Rates | Cancelation Policy | Good Faith Estimate

Rates

My rate is $165 for individual therapy sessions and $100 for LENS Neurofeedback sessions.

I do not accept insurance; however, depending on your carrier, your health insurance or employee benefit plan may cover therapy in part or entirely. I will happily provide you with an invoice you can submit to your insurance company for reimbursement.

Please check your coverage carefully by asking the following questions:

  • Do I have outpatient mental health benefits?
  • What is my deductible, and has it been met?
  • How many sessions per year does my health insurance plan cover?
  • What is the coverage amount per therapy session?
  • Is approval required from my primary care physician?

Cancelation Policy

Therapy sessions must be canceled within 24 hours of the appointment. Minors must have the permission of their parent/guardian to do so. If you do not attend your scheduled therapy session and do not cancel within 24 hours’ notice, you will be required to pay the full fee for the session. Exceptions are considered for illness and injury.

Good Faith Estimate

Under the law, healthcare providers must give clients who do not have insurance or are not using insurance an estimate of the bill for medical items and services. The Good Faith Estimate shows the costs of items and services that are reasonably expected for your health care needs for an item or service. The estimate is based on information known when the estimate was created. Please be advised that your fee may change depending on the number of sessions you attend. Services outside of standard therapy may have an associated extra cost.

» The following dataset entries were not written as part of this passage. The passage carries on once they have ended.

(* $\gamma(3)=8$. In particular, the word $abcabacb$ (over three distinct letters $a,b,c$) is s-primitive, and every word of length $9$ over a ternary alphabet is not s-primitive.
   Context: For words $C,S$, $C$ is an \emph{s-cover} of $S$ if for every position $i$ of $S$ there exist indices $j_0<\dots<j_{|C|-1}$ with $S[j_t]=C[t]$ for all $t$ and $i\in\{j_0,\dots,j_{|C|-1}\}$. An s-cover $C$ of $S$ is \emph{non-trivial} if $|C|<|S|$; a word is \emph{s-primitive} if it has no non-trivial s-cover. $\gamma(k)$ is the maximum length of an s-primitive word over an alphabet of size $k$. *)

From mathcomp Require Import all_boot.
Set Implicit Arguments. Unset Strict Implicit. Unset Printing Implicit Defensive.

Section SCover.
Variable T : eqType.

Definition occurrence (C S : seq T) (j : nat -> nat) : Prop :=
  (forall t, t.+1 < size C -> j t < j t.+1) /\
  (forall t, t < size C -> j t < size S /\ onth S (j t) = onth C t).

Definition s_cover (C S : seq T) : Prop :=
  forall i, i < size S ->
    exists j, occurrence C S j /\ exists2 t, t < size C & j t = i.

Definition nontrivial_s_cover (C S : seq T) : Prop :=
  s_cover C S /\ size C < size S.

Definition s_primitive (S : seq T) : Prop :=
  ~ exists C, nontrivial_s_cover C S.
End SCover.

Definition gamma_is (k n : nat) : Prop :=
  (exists w : seq 'I_k, s_primitive w /\ size w = n) /\
  (forall w : seq 'I_k, s_primitive w -> size w <= n).

From mathcomp Require Import all_boot zify.
Set Implicit Arguments. Unset Strict Implicit. Unset Printing Implicit Defensive.

(* Position i of S lies on an occurrence of C through letter t exactly when
   C[t] = S[i], C[..t) is a subsequence of S[..i) and C(t..] one of S(i..].
   Hence "C s-covers S" is decidable, and s-primitivity of S is a finite check
   over the subsequences of S.  A word containing a square xx is covered by the
   word with one x deleted, s-primitivity is preserved by injective renaming of
   letters, and a nontrivial cover of a prefix extends to the whole word; so it
   suffices to check abcabacb and the 3 * 2^8 square-free ternary words of
   length 9 by computation. *)

Section Occurrence.
Variable T : eqType.
Implicit Types (C S s : seq T) (x : T) (j : nat -> nat).

Lemma occurrence_mono C S j t1 t2 :
  occurrence C S j -> t1 < t2 < size C -> j t1 < j t2.
Proof.
case=> inc _ /andP[lt12 lt2].
have : {in gtn (size C) &, {homo j : u v / u < v}}.
  apply: homo_ltn_in; first exact: @ltn_trans.
    by move=> u v _ ltv w /andP[_ lt]; rewrite !inE in ltv *; exact: ltn_trans lt ltv.
  by move=> u _; rewrite inE; apply: inc.
by apply; rewrite ?inE // (ltn_trans lt12).
Qed.

Lemma occurrence_nil S j : occurrence (T:=T) [::] S j.
Proof. by split. Qed.

Lemma occurrence1 x : occurrence [:: x] [:: x] (fun=> 0).
Proof. by split=> // -[]. Qed.

Lemma occurrence_cat C1 S1 j1 C2 S2 j2 :
  occurrence C1 S1 j1 -> occurrence C2 S2 j2 ->
  occurrence (C1 ++ C2) (S1 ++ S2)
    (fun t => if t < size C1 then j1 t else size S1 + j2 (t - size C1)).
Proof.
move=> [inc1 at1] [inc2 at2]; split=> t; rewrite size_cat => ltt.
- case: (ltnP t (size C1)) => lt0; case: (ltnP t.+1 (size C1)) => lt1.
  + exact: inc1.
  + by have [+ _] := at1 t lt0; lia.
  + lia.
  + by have := inc2 (t - size C1) ltac:(lia); rewrite subSn //; lia.
- rewrite size_cat !onth_cat; case: (ltnP t (size C1)) => lt1.
    by have [lt <-] := at1 t lt1; rewrite lt ltn_addr.
  have [lt <-] := at2 (t - size C1) ltac:(lia).
  rewrite ifN ?addKn; last by rewrite -leqNgt leq_addr.
  by split=> //; lia.
Qed.

Lemma onth_take n s i : i < n -> onth (take n s) i = onth s i.
Proof. by move=> lt; rewrite !onthE map_take nth_take. Qed.

Lemma onth_drop n s i : onth (drop n s) i = onth s (n + i).
Proof. by rewrite !onthE map_drop nth_drop. Qed.

Lemma take_onth_drop s n x : onth s n = Some x -> take n s ++ x :: drop n.+1 s = s.
Proof.
move=> sn; have lt : n < size s by rewrite -onthTE sn.
by rewrite -(onth_nth x x s n sn) -drop_nth // cat_take_drop.
Qed.

Lemma occurrence_take C S j t :
  occurrence C S j -> t < size C -> occurrence (take t C) (take (j t) S) j.
Proof.
move=> occ ltt; have [inc at_] := occ; split=> u; rewrite size_takel ?(ltnW ltt) // => ltu.
  exact: inc (ltn_trans ltu ltt).
have ltj : j u < j t by apply: (occurrence_mono occ); rewrite ltu.
have [ltS _] := at_ t ltt; have [_ Sju] := at_ u (ltn_trans ltu ltt).
by rewrite size_takel ?(ltnW ltS) // !onth_take.
Qed.

Lemma occurrence_drop C S j t :
  occurrence C S j -> t < size C ->
  occurrence (drop t.+1 C) (drop (j t).+1 S) (fun u => j (t.+1 + u) - (j t).+1).
Proof.
move=> occ ltt; have [inc at_] := occ.
have ltj u : u < size C - t.+1 -> j t < j (t.+1 + u).
  by move=> ltu; apply: (occurrence_mono occ); lia.
split=> u; rewrite size_drop => ltu.
  by have := inc (t.+1 + u) ltac:(lia); have := ltj u ltac:(lia); rewrite -addnS; lia.
have := ltj u ltu; have [ltS Sj] := at_ (t.+1 + u) ltac:(lia) => ltj'.
by rewrite size_drop !onth_drop subnKC // Sj; split=> //; lia.
Qed.

Lemma occurrence_subseq C S j : occurrence C S j -> subseq C S.
Proof.
elim: C S j => [|x C IH] S j occ; first exact: sub0seq.
have [ltS Sj0] := occ.2 0 isT.
have := occurrence_drop (t := 0) occ isT; rewrite /= drop0 => /IH subC.
rewrite -(take_onth_drop Sj0); apply: subseq_trans (suffix_subseq _ _).
by rewrite /= eqxx.
Qed.

Lemma subseq_occurrence C S : subseq C S -> exists j, occurrence C S j.
Proof.
elim: S C => [|y S IH] [|x C] //=; try by exists id; split.
case: eqP => [<- /IH [j occ]|_ /IH [j occ]]; eexists.
  exact: occurrence_cat (occurrence1 x) occ.
exact: occurrence_cat (occurrence_nil [:: y] id) occ.
Qed.

Lemma occurrenceP C S : reflect (exists j, occurrence C S j) (subseq C S).
Proof.
by apply: (iffP idP) => [/subseq_occurrence|[j /occurrence_subseq]].
Qed.

Definition cover_at C S i t :=
  [&& onth C t == onth S i, subseq (take t C) (take i S)
    & subseq (drop t.+1 C) (drop i.+1 S)].

Lemma cover_atP C S i t : i < size S -> t < size C ->
  reflect (exists2 j, occurrence C S j & j t = i) (cover_at C S i t).
Proof.
move=> ltiS lttC; apply: (iffP and3P) => [[/eqP Ct /occurrenceP[j1 occ1]]|].
  case/occurrenceP=> j2 occ2.
  case Cx: (onth C t) Ct => [x|] Si; last by move: lttC; rewrite -onthTE Cx.
  rewrite -(take_onth_drop Cx) -(take_onth_drop (esym Si)).
  eexists; first exact: occurrence_cat occ1 (occurrence_cat (occurrence1 x) occ2).
  by rewrite !size_takel ?ltnn ?subnn ?(ltnW lttC) ?(ltnW ltiS) // addn0.
move=> [j occ <-]; split.
- by rewrite (occ.2 t lttC).2.
- by apply/occurrenceP; exists j; apply: occurrence_take.
- by apply/occurrenceP; eexists; apply: occurrence_drop.
Qed.

Definition s_coverb C S :=
  all (fun i => has (cover_at C S i) (iota 0 (size C))) (iota 0 (size S)).

Lemma s_coverP C S : reflect (s_cover C S) (s_coverb C S).
Proof.
apply: (iffP allP) => [covb i ltiS | cov i].
  have /hasP[t] := covb i ltac:(by rewrite mem_iota).
  rewrite mem_iota => lttC /(cover_atP ltiS lttC)[j occ jt].
  by exists j; split=> //; exists t.
rewrite mem_iota => ltiS; have [j [occ [t lttC jt]]] := cov i ltiS.
by apply/hasP; exists t; rewrite ?mem_iota //; apply/cover_atP; last exists j.
Qed.
End Occurrence.

Section SCover.
Variable T : eqType.
Implicit Types (C S U V X w : seq T) (x : T).

Lemma s_cover_refl S : s_cover S S.
Proof. by move=> i ltiS; exists id; split; [split | exists i]. Qed.
Arguments s_cover_refl : clear implicits.

Lemma s_cover_subseq C S : s_cover C S -> 0 < size S -> subseq C S.
Proof. by move=> cov /cov[j [/occurrence_subseq]]. Qed.

Lemma s_cover_cat C1 S1 C2 S2 :
  subseq C1 S1 -> subseq C2 S2 -> s_cover C1 S1 -> s_cover C2 S2 ->
  s_cover (C1 ++ C2) (S1 ++ S2).
Proof.
move=> /occurrenceP[j1 occ1] /occurrenceP[j2 occ2] cov1 cov2 i.
rewrite size_cat => ltiS; case: (ltnP i (size S1)) => [lti|lei].
  have [k [occk [t lttC kt]]] := cov1 i lti.
  eexists; split; first exact: occurrence_cat occk occ2.
  by exists t; rewrite ?size_cat ?lttC ?ltn_addr.
have [k [occk [t lttC kt]]] := cov2 (i - size S1) ltac:(lia).
eexists; split; first exact: occurrence_cat occ1 occk.
exists (size C1 + t); first by rewrite size_cat ltn_add2l.
by rewrite ltnNge leq_addr addKn kt subnKC.
Qed.

Lemma s_cover_square U x V : s_cover (U ++ x :: V) (U ++ x :: x :: V).
Proof.
have cov_xx : s_cover [:: x] [:: x; x].
  by apply/s_coverP; rewrite /s_coverb /cover_at /= eqxx.
apply: s_cover_cat (subseq_refl U) _ (s_cover_refl U) _.
  exact: suffix_subseq [:: x] (x :: V).
exact: (s_cover_cat (C1 := [:: x]) (S1 := [:: x; x])
          (subseq_cons _ _) (subseq_refl V) cov_xx (s_cover_refl V)).
Qed.

Lemma square_not_s_primitive w : ~~ sorted [rel x y | x != y] w -> ~ s_primitive w.
Proof.
move=> sq; have [U [x [V ->]]] : exists U x V, w = U ++ x :: x :: V.
  elim: w sq => // a [|b w] IH //=; case: eqP => [<- _|_ /IH[U [x [V ->]]]].
    by exists [::], a, w.
  by exists (a :: U), x, V.
move=> prim; apply: prim; exists (U ++ x :: V); split; first exact: s_cover_square.
by rewrite !size_cat /=; lia.
Qed.

Lemma s_primitive_prefix S X : s_primitive (S ++ X) -> s_primitive S.
Proof.
move=> prim [C [cov ltCS]]; apply: prim; exists (C ++ X).
split; last by rewrite !size_cat ltn_add2r.
have subCS := s_cover_subseq cov (leq_ltn_trans (leq0n _) ltCS).
exact: s_cover_cat subCS (subseq_refl X) cov (s_cover_refl X).
Qed.
End SCover.

Lemma s_primitive_map (T1 T2 : eqType) (g : T1 -> T2) (S : seq T1) :
  {in S &, injective g} -> s_primitive S -> s_primitive (map g S).
Proof.
move=> g_inj prim [C' [cov ltCS]]; rewrite size_map in ltCS.
have /subseqP[m _ defC'] := s_cover_subseq cov ltac:(by rewrite size_map; lia).
rewrite defC' -map_mask size_map in cov ltCS; apply: prim; exists (mask m S).
split=> // i ltiS; have := cov i ltac:(by rewrite size_map).
rewrite /occurrence !size_map => -[j [[inc at_] jt]].
exists j; split=> //; split=> // t ltt.
have [ltS eqS] := at_ t ltt; split=> //; move: eqS; rewrite !onth_map.
case Sx: (onth S (j t)) => [x|] in ltS *; last by move: ltS; rewrite -onthTE Sx.
case My: (onth (mask m S) t) => [y|] //= [gxy].
congr Some; apply: g_inj gxy; first by apply/onthP; exists (j t).
by apply: (@mem_mask _ _ m); apply/onthP; exists t.
Qed.

Section Decision.
Variable T : eqType.
Implicit Types (C S : seq T).

Fixpoint subseqs S : seq (seq T) :=
  if S is x :: S' then [seq x :: C | C <- subseqs S'] ++ subseqs S' else [:: [::]].

Lemma mem_subseqs C S : subseq C S -> C \in subseqs S.
Proof.
elim: S C => [|y S IH] [|x C] //=; rewrite mem_cat.
  by move=> _; rewrite IH ?orbT ?sub0seq.
by case: eqP => [-> /IH|_ /IH ->]; rewrite ?orbT // => /(map_f (cons y)) ->.
Qed.

Definition s_primitiveb S :=
  ~~ has (fun C => (size C < size S) && s_coverb C S) (subseqs S).

Lemma s_primitiveP S : reflect (s_primitive S) (s_primitiveb S).
Proof.
apply: (iffP hasPn) => [noC [C [cov ltCS]] | prim C _].
  have /mem_subseqs := s_cover_subseq cov (leq_ltn_trans (leq0n _) ltCS).
  by move/noC; rewrite ltCS (introT (s_coverP _ _) cov).
by apply/negP => /andP[ltCS /s_coverP cov]; apply: prim; exists C.
Qed.
End Decision.

Fixpoint ternary_words n : seq (seq nat) :=
  if n is n'.+1 then [seq x :: w | x <- iota 0 3, w <- ternary_words n'] else [:: [::]].

Lemma mem_ternary_words w : all (fun x => x < 3) w -> w \in ternary_words (size w).
Proof.
elim: w => [//|x w IH] /andP[ltx /IH w3].
by apply: allpairs_f w3; rewrite mem_iota.
Qed.

(* [find] rather than [has], so that [vm_compute] stops at the first cover found. *)
Lemma square_free_ternary_words9_not_s_primitive :
  all (fun w => ~~ s_primitiveb w)
    [seq w <- ternary_words 9 | sorted [rel x y | x != y] w].
Proof.
have covers_found : all (fun w =>
    find (fun C => (size C < size w) && s_coverb C w) (subseqs w) < size (subseqs w))
  [seq w <- ternary_words 9 | sorted [rel x y | x != y] w] by vm_compute.
by apply: sub_all covers_found => w; rewrite /s_primitiveb negbK has_find.
Qed.

Lemma ternary_word9_not_s_primitive w :
  size w = 9 -> all (fun x => x < 3) w -> ~ s_primitive w.
Proof.
move=> w9 w3; have [sq|] := boolP (sorted [rel x y | x != y] w); last first.
  exact: square_not_s_primitive.
move/s_primitiveP; apply/negP/(allP square_free_ternary_words9_not_s_primitive).
by rewrite mem_filter sq -w9 mem_ternary_words.
Qed.

Lemma word9_not_s_primitive (T : finType) (w : seq T) :
  #|T| = 3 -> size w = 9 -> ~ s_primitive w.
Proof.
move=> card3 w9 prim; pose rank (x : T) : nat := enum_rank x.
have rank_inj : injective rank by move=> x y /val_inj/enum_rank_inj.
apply: (ternary_word9_not_s_primitive (w := map rank w)).
- by rewrite size_map.
- by apply/allP => _ /mapP[x _ ->]; rewrite /rank -card3 ltn_ord.
- exact: s_primitive_map (in2W rank_inj) prim.
Qed.

Lemma s_primitive_abcabacb (T : eqType) (a b c : T) :
  a != b -> b != c -> a != c -> s_primitive [:: a; b; c; a; b; a; c; b].
Proof.
move=> ab bc ac; set w := [:: 0; 1; 2; 0; 1; 0; 2; 1].
have w_prim : s_primitive w by apply/s_primitiveP; vm_compute.
have letter_inj : {in w &, injective (nth c [:: a; b])}.
  by move=> [|[|[|x]]] [|[|[|y]]] //= _ _ exy; move: ab bc ac; rewrite exy eqxx.
exact: s_primitive_map letter_inj w_prim.
Qed.

Theorem mainTheorem5 :
  gamma_is 3 8 /\
  (forall (T : eqType) (a b c : T), a != b -> b != c -> a != c ->
     s_primitive [:: a; b; c; a; b; a; c; b]) /\
  (forall (T : finType) (w : seq T), #|T| = 3 -> size w = 9 -> ~ s_primitive w).
Proof.
split; last by split; [exact: s_primitive_abcabacb | exact: word9_not_s_primitive].
split.
  exists [:: ord0; inord 1; ord_max; ord0; inord 1; ord0; ord_max; inord 1 : 'I_3].
  by split=> //; apply: s_primitive_abcabacb; rewrite -val_eqE /= ?inordK.
move=> w prim; rewrite leqNgt; apply/negP => w9.
apply: (word9_not_s_primitive (w := take 9 w) (card_ord 3)); first by rewrite size_takel.
by apply: (s_primitive_prefix (X := drop 9 w)); rewrite cat_take_drop.
Qed.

Ensure your healthcare provider gives you a Good Faith Estimate in writing at least one business day before your medical service or item. You can also ask your healthcare provider and any other provider you choose for a Good Faith Estimate before you schedule an item or service.

If you receive a bill that is at least $400 more than your Good Faith Estimate, you can dispute it. For questions or more information about your right to a Good Faith Estimate or the dispute process, visit www.cms.gov/nosurprises or call 1-877-696-6775.

Please keep a copy of the Good Faith Estimate in a safe place or take pictures. You may need it if you are billed a higher amount.